Transylvania University has a long, rich history of scholarship, but until recently you couldn’t stand in one spot and see the professors’ published works laid out in front of you.
As of this month, articles, poems and other writings of Transylvania scholars published in journals and magazines in the last three years are on display in the university’s library — from Maurice Manning’s poem “An Orchard at the Bottom of a Hill” in Time magazine to Jessie Brown’s “Expanding the Frontiers of Non-Aqueous Transuranic Molecular Chemistry” in Actinide Research Quarterly.
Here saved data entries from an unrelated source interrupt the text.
Lemma pos_ba_subadditive mu A B : pos_ba mu -> mu (A `|` B) <= mu A + mu B.
Proof.
move=> hmu; have -> : A `|` B = A `|` (B `\` A).
  apply/seteqP; split => p [Ap | Bp]; [by left | | by left | by right; case: Bp].
  by case: (pselect (A p)) => Ap; [left | right].
rewrite hmu.1.1; last by apply/seteqP; split => // p [? []].
by rewrite lerD2l; apply: pos_ba_le => // p [].
Qed.

Lemma ba_norm_pos_ba mu : pos_ba mu -> ba_norm mu = mu setT.
Proof.
move=> [hba mu_ge0]; rewrite /ba_norm.
suff -> : [set \sum_(A <- s) `|mu A| | s in @fin_partition M] = [set mu setT] by rewrite sup1.
apply/seteqP; split => [x [s s_part <-] | x ->].
  rewrite /= (ba_partition_sum setT hba s_part) (big_nth set0) big_mkord.
  by apply: eq_bigr => i _; rewrite setTI ger0_norm.
exists [:: setT]; last by rewrite big_seq1 ger0_norm.
by split; [move=> [|i] [|j] | move=> p; exists 0%N].
Qed.

Lemma riemann_sum_dist mu g (e1 e2 : R) n P V m Q W : pos_ba mu ->
  is_partition n P -> osc_le g e1 n P -> is_tagging g n P V ->
  is_partition m Q -> osc_le g e2 m Q -> is_tagging g m Q W ->
  `|riemann_sum mu n P V - riemann_sum mu m Q W| <= (e1 + e2) * mu setT.
Proof.
move=> [hba mu_ge0] Ppart Posc Ptag Qpart Qosc Qtag.
have RP : riemann_sum mu n P V = \sum_(i < n) \sum_(j < m) V i * mu (P i `&` Q j).
  by apply: eq_bigr => i _; rewrite (ba_partition_sum _ hba Qpart) mulr_sumr.
have RQ : riemann_sum mu m Q W = \sum_(i < n) \sum_(j < m) W j * mu (P i `&` Q j).
  rewrite exchange_big; apply: eq_bigr => j _.
  rewrite (ba_partition_sum _ hba Ppart) mulr_sumr; apply: eq_bigr => i _.
  by rewrite setIC.
have muT : mu setT = \sum_(i < n) \sum_(j < m) mu (P i `&` Q j).
  rewrite (ba_partition_sum _ hba Ppart); apply: eq_bigr => i _.
  by rewrite setTI (ba_partition_sum _ hba Qpart).
rewrite RP RQ muT -sumrB mulr_sumr.
apply: (le_trans (ler_norm_sum _ _ _)); apply: ler_sum => i _.
rewrite -sumrB mulr_sumr; apply: (le_trans (ler_norm_sum _ _ _)); apply: ler_sum => j _.
rewrite -mulrBl normrM (ger0_norm (mu_ge0 _)).
case: (pselect (exists p, (P i `&` Q j) p)) => [[p [Pp Qp]] | empty]; last first.
  have -> : P i `&` Q j = set0 by apply/seteqP; split => // p PQp; apply: empty; exists p.
  by rewrite ba_set0 // !mulr0.
apply: ler_wpM2r => //.
have [P0 | [p1 Pp1 ->]] := Ptag i (ltn_ord i); first by move: Pp; rewrite P0.
have [Q0 | [q1 Qq1 ->]] := Qtag j (ltn_ord j); first by move: Qp; rewrite Q0.
have := Posc i (ltn_ord i) _ _ Pp1 Pp; have := Qosc j (ltn_ord j) _ _ Qq1 Qp.
have := ler_normD (g p1 - g p) (g p - g q1); rewrite (distrC (g q1)).
have -> : g p1 - g p + (g p - g q1) = g p1 - g q1 by ring.
lra.
Qed.

(* Every Riemann sum over a partition on whose cells g oscillates by at most e is
   within e mu(M~) of this sup (ba_int_riemann). *)
Definition ba_int mu g := sup [set x | exists e n P V, [/\ 0 <= e, is_partition n P,
  osc_le g e n P, is_tagging g n P V & x = riemann_sum mu n P V - e * mu setT]].

Lemma ba_int_riemann mu g (e : R) n P V : pos_ba mu -> 0 <= e ->
  is_partition n P -> osc_le g e n P -> is_tagging g n P V ->
  `|ba_int mu g - riemann_sum mu n P V| <= e * mu setT.
Proof.
move=> hmu e0 Ppart Posc Ptag; rewrite /ba_int.
set S := riemann_sum mu n P V.
set E := (X in sup X).
have ubE : ubound E (S + e * mu setT).
  move=> _ [e' [m [Q [W [e'0 Qpart Qosc Qtag ->]]]]].
  have := riemann_sum_dist hmu Qpart Qosc Qtag Ppart Posc Ptag.
  by rewrite -/S mulrDl ler_norml => /andP[_]; lra.
have inE : E (S - e * mu setT) by exists e, n, P, V.
have sup_le : sup E <= S + e * mu setT by apply: ge_sup; first exists (S - e * mu setT).
have le_sup : S - e * mu setT <= sup E by apply: ub_le_sup; first exists (S + e * mu setT).
by rewrite ler_norml; apply/andP; split; lra.
Qed.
The J. Douglas Gay Jr./Frances Carrick Thomas Library already linked to the works written by Transylvania scholars online, in addition to setting aside shelves for books containing their writings. Books, though, are easier to browse on a shelf because of the information on the spines — something you don’t get from printed-out articles in slim, plastic folders, which now have the space to be laid out faceup on shelves that became available because of a reduction in the number of paper periodicals.
Director of the Library Susan Brown said she had been bothered that the articles hadn’t been on display, because they represent such a large portion of the school’s scholarly work.
Now library visitors will “know what kind of scholarship the faculty, staff and students of Transylvania are creating for the world,” Brown said. “This is part of the influence that we have.”
Also, because students go through a similar process with their own coursework — write a paper, submit, get a response, rewrite, resubmit — they can relate to their professors’ final works on display, Brown said. “It helps to inspire students.”